╭─ Material for this exercise
(* Let $(G_1,\prec_1)$ and $(G_2,\prec_2)$ be POP-graphs such that the number of output edges of $G_1$ equals the number of input edges of $G_2$. Then $\prec_2\circ\prec_1$ is a planar order on $G_2\circ G_1$.
   Context: A progressive graph is a finite directed acyclic graph (parallel edges allowed) in which every source and every sink has degree one; degree-one vertices are boundary vertices. An input edge is an edge whose initial vertex is a boundary vertex; an output edge one whose terminal vertex is a boundary vertex. For edges write $e\to e'$ if $e\neq e'$ and there is a directed path whose first edge is $e$ and last edge is $e'$. A planar order on $G$ is a linear order $\prec$ on $E(G)$ such that (P1) $e_1\to e_2$ implies $e_1\prec e_2$; (P2) if $e_1\prec e_2\prec e_3$ and $e_1\to e_3$ then $e_1\to e_2$ or $e_2\to e_3$. A POP-graph is a progressive graph with a planar order. Composition: let $(G_1,\prec_1)$, $(G_2,\prec_2)$ be POP-graphs, $G_1$ with output edges $o_1\prec_1\cdots\prec_1 o_n$ and $G_2$ with input edges $i_1\prec_2\cdots\prec_2 i_n$. The progressive graph $G_2\circ G_1$ is obtained from $G_1\sqcup G_2$ by deleting the sinks of $G_1$, the sources of $G_2$ and the edges $o_k,i_k$, and adding for each $k$ a new edge $\overline{e_k}$ from the initial vertex of $o_k$ to the terminal vertex of $i_k$. Let $Q_1=\{e\in E(G_1): e\prec_1 o_1\}$, $Q_k=\{e: o_{k-1}\prec_1 e\prec_1 o_k\}$ ($2\le k\le n$), $P_k=\{e\in E(G_2): i_k\prec_2 e\prec_2 i_{k+1}\}$ ($1\le k\le n-1$), $P_n=\{e: i_n\prec_2 e\}$. The composition $\prec_2\circ\prec_1$ is the linear order on $E(G_2\circ G_1)$ listing $Q_1,\{\overline{e_1}\},P_1,Q_2,\{\overline{e_2}\},P_2,\dots,Q_n,\{\overline{e_n}\},P_n$ consecutively, each $Q_k$ ordered by $\prec_1$ and each $P_k$ by $\prec_2$. *)

From HB Require Import structures.
From mathcomp Require Import all_boot.
Set Implicit Arguments. Unset Strict Implicit. Unset Printing Implicit Defensive.

Record graph := Graph { V : finType; E : finType; src : E -> V; tgt : E -> V }.

Definition indeg (G : graph) (v : V G) := #|[pred e : E G | tgt e == v]|.
Definition outdeg (G : graph) (v : V G) := #|[pred e : E G | src e == v]|.
Definition deg (G : graph) (v : V G) := indeg v + outdeg v.
Definition is_source (G : graph) (v : V G) := indeg v == 0.
Definition is_sink (G : graph) (v : V G) := outdeg v == 0.
Definition is_boundary (G : graph) (v : V G) := deg v == 1.
Definition is_input (G : graph) (e : E G) := is_boundary (src e).
Definition is_output (G : graph) (e : E G) := is_boundary (tgt e).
╰─
__Task objective__. The answer is the line with "Definition is_sink (G" plus every line after it to the last line of the entries above, copied exactly and with no other lines.

__Finished exercise__.
Definition is_sink (G : graph) (v : V G) := outdeg v == 0.
Definition is_boundary (G : graph) (v : V G) := deg v == 1.
Definition is_input (G : graph) (e : E G) := is_boundary (src e).
Definition is_output (G : graph) (e : E G) := is_boundary (tgt e).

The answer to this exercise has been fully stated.